La mort en ce jardin Death in the Garden | |
Director: | Luis Buñuel |
Producer: | David Mage |
Music: | Paul Misraki |
Studio: | Producciones Tepeyac Films Dismage |
Distributor: | Cinédis (France) Películas Nacionales (Mexico) |
Runtime: | 97 minutes |
Country: | France Mexico |
Language: | French Spanish |
Budget: | $600,000[1] |
La mort en ce jardin ("Death in the Garden") a.k.a. Diamond Hunters is a 1956 adventure film by director Luis Buñuel, based on a novel by José-André Lacour, that stars Simone Signoret, Charles Vanel and Michel Piccoli, with additional dialogue by Raymond Queneau. Set in an unidentified South American country, it recounts the bloody suppression by the corrupt governing regime of an insurrection by illegal diamond miners, after which five disparate fugitives take to the jungle in search of safety.
When a settlement of illegal diamond miners is broken up by soldiers, in revenge they attack and burn down the army headquarters in the nearest town. Next day, when reinforcements arrive, most of the surviving miners are rounded up to be shot. On a river boat, five people escape the carnage: a pacifist miner, his deaf-mute daughter, the local madame he wants to marry, a Catholic priest, and a wanted adventurer. When pursued by the army, they take to the jungle. There, the struggle for survival starts eroding their identities and in most cases their will to live. The adventurer becomes the resourceful leader, while the miner goes out of his mind and kills both the madame and the priest.
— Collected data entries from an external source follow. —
(* Let ${\cal H}$ be a finite-dimensional complex Hilbert space, let $Z$ be a positive definite operator on ${\cal H}$ with largest eigenvalue $a$ and smallest eigenvalue $b$, and let $1\le p\le 2$. Then for every subspace ${\cal E}\subset{\cal H}$, $$(Z_{\cal E})^p \ge \frac{4ab}{(a+b)^2}\,(Z^p)_{\cal E}.$$
   Context: For an operator $X$ on ${\cal H}$ and a subspace ${\cal E}$ with orthogonal projection $E$, the compression $X_{\cal E}$ is the operator $EXE$ restricted to ${\cal E}$, regarded as an operator on ${\cal E}$. The order $\ge$ is the Loewner order on Hermitian operators on ${\cal E}$. *)

From HB Require Import structures.
From mathcomp Require Import all_boot all_order all_algebra.
From mathcomp Require Import complex.
From mathcomp Require Import boolp reals exp.
Set Implicit Arguments. Unset Strict Implicit. Unset Printing Implicit Defensive.
Import Order.TTheory GRing.Theory Num.Theory.
Local Open Scope ring_scope.

Section Defs.
Variable R : realType.
Local Notation C := R[i].

Definition rC (x : R) : C := Complex x 0.

Definition adj {m n} (A : 'M[C]_(m, n)) : 'M[C]_(n, m) := map_mx Num.conj A^T.

Definition hermitian {n} (A : 'M[C]_n) : Prop := adj A = A.

Definition psd {n} (A : 'M[C]_n) : Prop :=
  hermitian A /\ forall x : 'cV[C]_n, 0 <= (adj x *m A *m x) 0 0.

Definition posdef {n} (A : 'M[C]_n) : Prop :=
  hermitian A /\ forall x : 'cV[C]_n, x != 0 -> 0 < (adj x *m A *m x) 0 0.

Definition loewner_ge {n} (A B : 'M[C]_n) : Prop := psd (A - B).

Definition unitary {n} (U : 'M[C]_n) : Prop := U *m adj U = 1%:M.

(* isometry V : C^k -> C^n, i.e. its columns are an orthonormal basis of a
   k-dimensional subspace E of C^n *)
Definition is_isometry {n k} (V : 'M[C]_(n, k)) : Prop := adj V *m V = 1%:M.

(* compression of X to the range E of the isometry V, regarded as an operator
   on E (written in the orthonormal basis given by the columns of V) *)
Definition compression {n k} (V : 'M[C]_(n, k)) (X : 'M[C]_n) : 'M[C]_k :=
  adj V *m X *m V.

Definition spec_decomp {n} (A : 'M[C]_n) (Ud : 'M[C]_n * 'rV[R]_n) : Prop :=
  [/\ unitary Ud.1, forall i, 0 <= Ud.2 0 i &
      A = Ud.1 *m diag_mx (\row_i rC (Ud.2 0 i)) *m adj Ud.1].

(* real power A^p of a positive semidefinite matrix, via functional calculus on
   a (chosen) spectral decomposition; 0 if A has no such decomposition *)
Definition mxpowR {n} (A : 'M[C]_n) (p : R) : 'M[C]_n :=
  match pselect (exists Ud, spec_decomp A Ud) with
  | left h => let Ud := projT1 (cid h) in
      Ud.1 *m diag_mx (\row_i rC (powR (Ud.2 0 i) p)) *m adj Ud.1
  | right _ => 0
  end.

End Defs.

(* Diagonalize Z = U diag(d) U^* and its compression M = V^* Z V = W diag(e) W^*;
   all d_i and e_j lie in [b, a]. For a vector x the weights
   z_i = |(U^* V x)_i|^2 and u_j = |(W^* x)_j|^2 have the same total mass |x|^2
   and the same mean: sum_i d_i z_i = <x, M x> = sum_j e_j u_j.
   Let L be the chord of s |-> s^p over [b, a] and k = 4ab/(a+b)^2. Convexity
   gives s^p <= L(s); concavity of t |-> t^(p/2) at t = s^2, combined with
   k ((a+b) s - ab) <= s^2, gives k L(s) <= s^p. As L is affine,
   k <x, (Z^p)_E x> = k sum_i d_i^p z_i <= k sum_i L(d_i) z_i
                    = k sum_j L(e_j) u_j <= sum_j e_j^p u_j = <x, (Z_E)^p x>. *)

From Pilot Require Import Defs.
From HB Require Import structures.
From mathcomp Require Import all_boot all_order all_algebra.
From mathcomp Require Import complex.
From mathcomp Require Import boolp reals exp.
From mathcomp Require interval_inference classical_sets convex hoelder.
From mathcomp Require Import ring lra.
Import Order.TTheory GRing.Theory Num.Theory.
Local Open Scope ring_scope.
Local Open Scope complex_scope.
Set Implicit Arguments. Unset Strict Implicit.

Section PowerInequalities.
Variable R : realType.
Implicit Types a b p r s t x y : R.

Lemma powR_convex p t x y : 1 <= p -> 0 <= t <= 1 -> 0 <= x -> 0 <= y ->
  (t * x + (1 - t) * y) `^ p <= t * x `^ p + (1 - t) * y `^ p.
Proof.
move=> p1 /andP[t0 t1] x0 y0.
have := @hoelder.convex_powR R p p1 (interval_inference.Itv01 t0 t1) x y.
rewrite !classical_sets.inE /= !in_itv /= x0 y0 => /(_ isT isT).
by rewrite !convex.convRE.
Qed.

(* Concavity for [r <= 1] is convexity for [1/r >= 1], transported by [x |-> x `^ r]. *)
Lemma powR_concave r t x y : 0 < r <= 1 -> 0 <= t <= 1 -> 0 <= x -> 0 <= y ->
  t * x `^ r + (1 - t) * y `^ r <= (t * x + (1 - t) * y) `^ r.
Proof.
move=> /andP[r0 r1] t01 x0 y0; have /andP[t0 t1] := t01.
have powRK z : 0 <= z -> (z `^ r) `^ r^-1 = z.
  by move=> z0; rewrite -powRrM mulfV ?gt_eqF // powRr1.
have powRVK z : 0 <= z -> (z `^ r^-1) `^ r = z.
  by move=> z0; rewrite -powRrM mulVf ?gt_eqF // powRr1.
have r1V : 1 <= r^-1 by rewrite invf_ge1.
have := powR_convex r1V t01 (powR_ge0 x r) (powR_ge0 y r).
rewrite !powRK // => conv.
rewrite -[leLHS]powRVK; last by rewrite addr_ge0 // mulr_ge0 ?powR_ge0 ?subr_ge0.
apply: ge0_ler_powR; rewrite ?nnegrE ?(ltW r0) ?powR_ge0 //.
by rewrite addr_ge0 // mulr_ge0 // subr_ge0.
Qed.

Definition kantorovich_const a b := 4 * a * b / (a + b) ^+ 2.

Lemma kantorovich_const_gt0 a b : 0 < a -> 0 < b -> 0 < kantorovich_const a b.
Proof.
by move=> a0 b0; rewrite divr_gt0 ?mulr_gt0 ?exprn_gt0 ?addr_gt0.
Qed.

Lemma kantorovich_const_le1 a b : kantorovich_const a b <= 1.
Proof.
rewrite /kantorovich_const; have [->|ab0] := eqVneq ((a + b) ^+ 2) 0.
  by rewrite invr0 mulr0 ler01.
have sq_gt0 : 0 < (a + b) ^+ 2 by rewrite lt_neqAle eq_sym ab0 sqr_ge0.
rewrite ler_pdivrMr // mul1r -subr_ge0.
have -> : (a + b) ^+ 2 - 4 * a * b = (a - b) ^+ 2 by ring.
exact: sqr_ge0.
Qed.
After killing the miner, only the adventurer and the girl are left to find freedom together.
Death in the Garden proposes a sort of psychological mirror-image of Franco's Spain from which Buñuel exiled himself, with rebellions and oppressors galore.[2]
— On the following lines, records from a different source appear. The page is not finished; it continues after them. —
Lemma earlier_blkP i x :
  x \in earlier_on sigma_blk i -> (x %/ m = i %/ m)%N /\ (x < i)%N.
Proof.
by rewrite mem_filter => /andP [/andP [/eqP /(congr1 val) /=]]; rewrite !sigma_blkE.
Qed.

Lemma size_earlier_blk i : ((size (earlier_on sigma_blk i)).+1 <= m)%N.
Proof.
set block := [seq inord (i %/ m * m + t) : 'I_N | t <- iota 0 m].
suff : (size (rcons (earlier_on sigma_blk i) i) <= size block)%N.
  by rewrite size_rcons size_map size_iota.
apply: uniq_leq_size.
  rewrite rcons_uniq filter_uniq ?enum_uniq // andbT.
  by apply/negP => /earlier_blkP []; rewrite ltnn.
have in_block (x : 'I_N) : (x %/ m = i %/ m)%N -> x \in block.
  move=> same_x; apply/mapP; exists (x %% m)%N; first by rewrite mem_iota ltn_mod m_gt0.
  by apply/ord_inj; rewrite -same_x -divn_eq inordK.
by move=> x; rewrite mem_rcons inE => /orP [/eqP -> | /earlier_blkP []]; auto.
Qed.

Lemma completion_blk_det i :
  is_det i -> completion inst sigma_blk i <= 1 + eps / 3.
Proof.
move=> det_i; rewrite completionE // proc_det //.
have : start_time inst sigma_blk i <=
       Num.max 0 1 + (size (earlier_on sigma_blk i))%:R * delta.
  apply: run_le_max (ltW delta_gt0) _ => x /earlier_blkP [same_x _] u.
  by rewrite proc_det // /is_det ltnNge -(divn_gt0 _ m_gt0) same_x divn_small.
rewrite maxEle ler01 => run_le.
have size_le : (size (earlier_on sigma_blk i)).+1%:R * delta <= eps / 3.
  rewrite -natS_delta ler_wpM2r ?(ltW delta_gt0) // ler_nat.
  by apply: leq_trans (size_earlier_blk i) _; lia.
move: run_le size_le; rewrite -natr1 mulrDl mul1r maxEle.
by case: ifP; move: (start_time _ _ _) (_ * delta) eps_gt0 => u s e0; lra.
Qed.

Lemma completion_blk_long : completion inst sigma_blk long_job = 1.
Proof.
rewrite completionE // /start_time proc_fixed ?long_job_fixed // fixed_len_long.
suff -> : earlier_on sigma_blk long_job = [::] by rewrite add0r.
case: (earlier_on _ _) (@earlier_blkP long_job) => [//|x l] /(_ x (mem_head _ _)).
rewrite /= mulKn ?m_gt0 // => -[same_x x_lt].
by have := leq_divM x m; rewrite same_x; lia.
Qed.

Lemma completion_blk_short i :
  ~~ is_det i -> ~~ is_long i -> completion inst sigma_blk i <= 1.
Proof.
move=> fixed_i short_i; have i_lt := ltn_ord i.
have short_len x : ~~ is_det x -> ~~ is_long x -> fixed_len x = (m%:R)^-1.
  by rewrite /fixed_len => _ /negbTE ->.
rewrite completionE // /start_time proc_fixed // short_len //.
rewrite (@run_const _ _ _ _ _ (m%:R)^-1) => [|x /earlier_blkP [same_x x_lt] u].
  rewrite add0r -[X in _ + X]mul1r -mulrDl natr1.
  rewrite ler_pdivrMr ?ltr0n ?m_gt0 // mul1r ler_nat; exact: size_earlier_blk.
have x_fixed : ~~ is_det x.
  by rewrite /is_det -leqNgt -(divn_gt0 _ m_gt0) same_x divn_gt0 ?m_gt0 // leqNgt.
rewrite proc_fixed ?short_len //.
by rewrite /is_long; apply/negP => /eqP x_long; move: i_lt x_lt; rewrite x_long; lia.
Qed.

Lemma makespan_blk_le : makespan inst sigma_blk <= 1 + eps / 3.
Proof.
apply: bigmax_le => [|i _]; first by move: eps_gt0 => ?; lra.
have [det_i | fixed_i] := boolP (is_det i); first exact: completion_blk_det.
have [long_i | short_i] := boolP (is_long i).
  have -> : i = long_job by apply/ord_inj/eqP.
  by rewrite completion_blk_long; move: eps_gt0 => ?; lra.
by apply: le_trans (completion_blk_short fixed_i short_i) _; move: eps_gt0 => ?; lra.
Qed.

End TightInstance.

Lemma tight_ratio_le (F : realFieldType) (c e o M : F) :
  0 <= c <= 2 -> 0 <= e < 1 -> o <= 1 + e / 3 -> 3 - c <= M -> (3 - c - e) * o <= M.
Proof.
move=> /andP [c_ge0 c_le2] /andP [e_ge0 e_lt1] o_le M_ge.
have : (3 - c - e) * (1 + e / 3 - o) >= 0 by apply: mulr_ge0; lra.
nra.
Qed.

Theorem theorem15 (R : realType) (eps : R) (m : nat) :
  0 < eps -> eps < 1 -> (2 <= m)%N ->
  exists (n : nat) (G : game R n m) (sigma : {ffun 'I_n -> 'I_m}),
    [/\ (0 < n)%N,
        (forall j : 'I_m, speed G j = 1),
        (forall i : 'I_n, [/\ 0 < tau G i, 0 <= bb G i & 0 <= aa G i <= 1]),
        is_NE G sigma &
        exists opt : R, is_OPT G opt /\
          (3 - 2 / m%:R - eps) * opt <= makespan G sigma].
Proof.
move=> eps_gt0 eps_lt1 m_ge2.
exists (m * (m - 1)).+1, (inst m eps), (sigma_rr m_ge2); split => //.
- exact: inst_params.
- exact: sigma_rr_NE.
have [opt [opt_OPT opt_le]] := exists_OPT (inst m eps) (sigma_blk m_ge2).
exists opt; split => //.
apply: tight_ratio_le (makespan_rr_ge m_ge2 eps_gt0 eps_lt1).
- have m_gt0 : (0 : R) < m%:R by rewrite ltr0n; lia.
  by rewrite divr_ge0 ?ler0n //= ler_pdivrMr // ler_pMr ?ler1n //; lia.
- by rewrite ltW.
- exact: le_trans opt_le (makespan_blk_le m_ge2 eps_gt0 eps_lt1).
Qed.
On review aggregator website Rotten Tomatoes, Diamond Hunters has an approval rating of 92% based on 13 reviews, with an average score of 7.8/10.[3]
Vincent Canby of The New York Times wrote: "Death in the Garden is a kind of halfway house for the film genius, made when he had yet to receive the acclaim that would give him full control of his movies, but after he had been taken seriously enough by the money men."[4]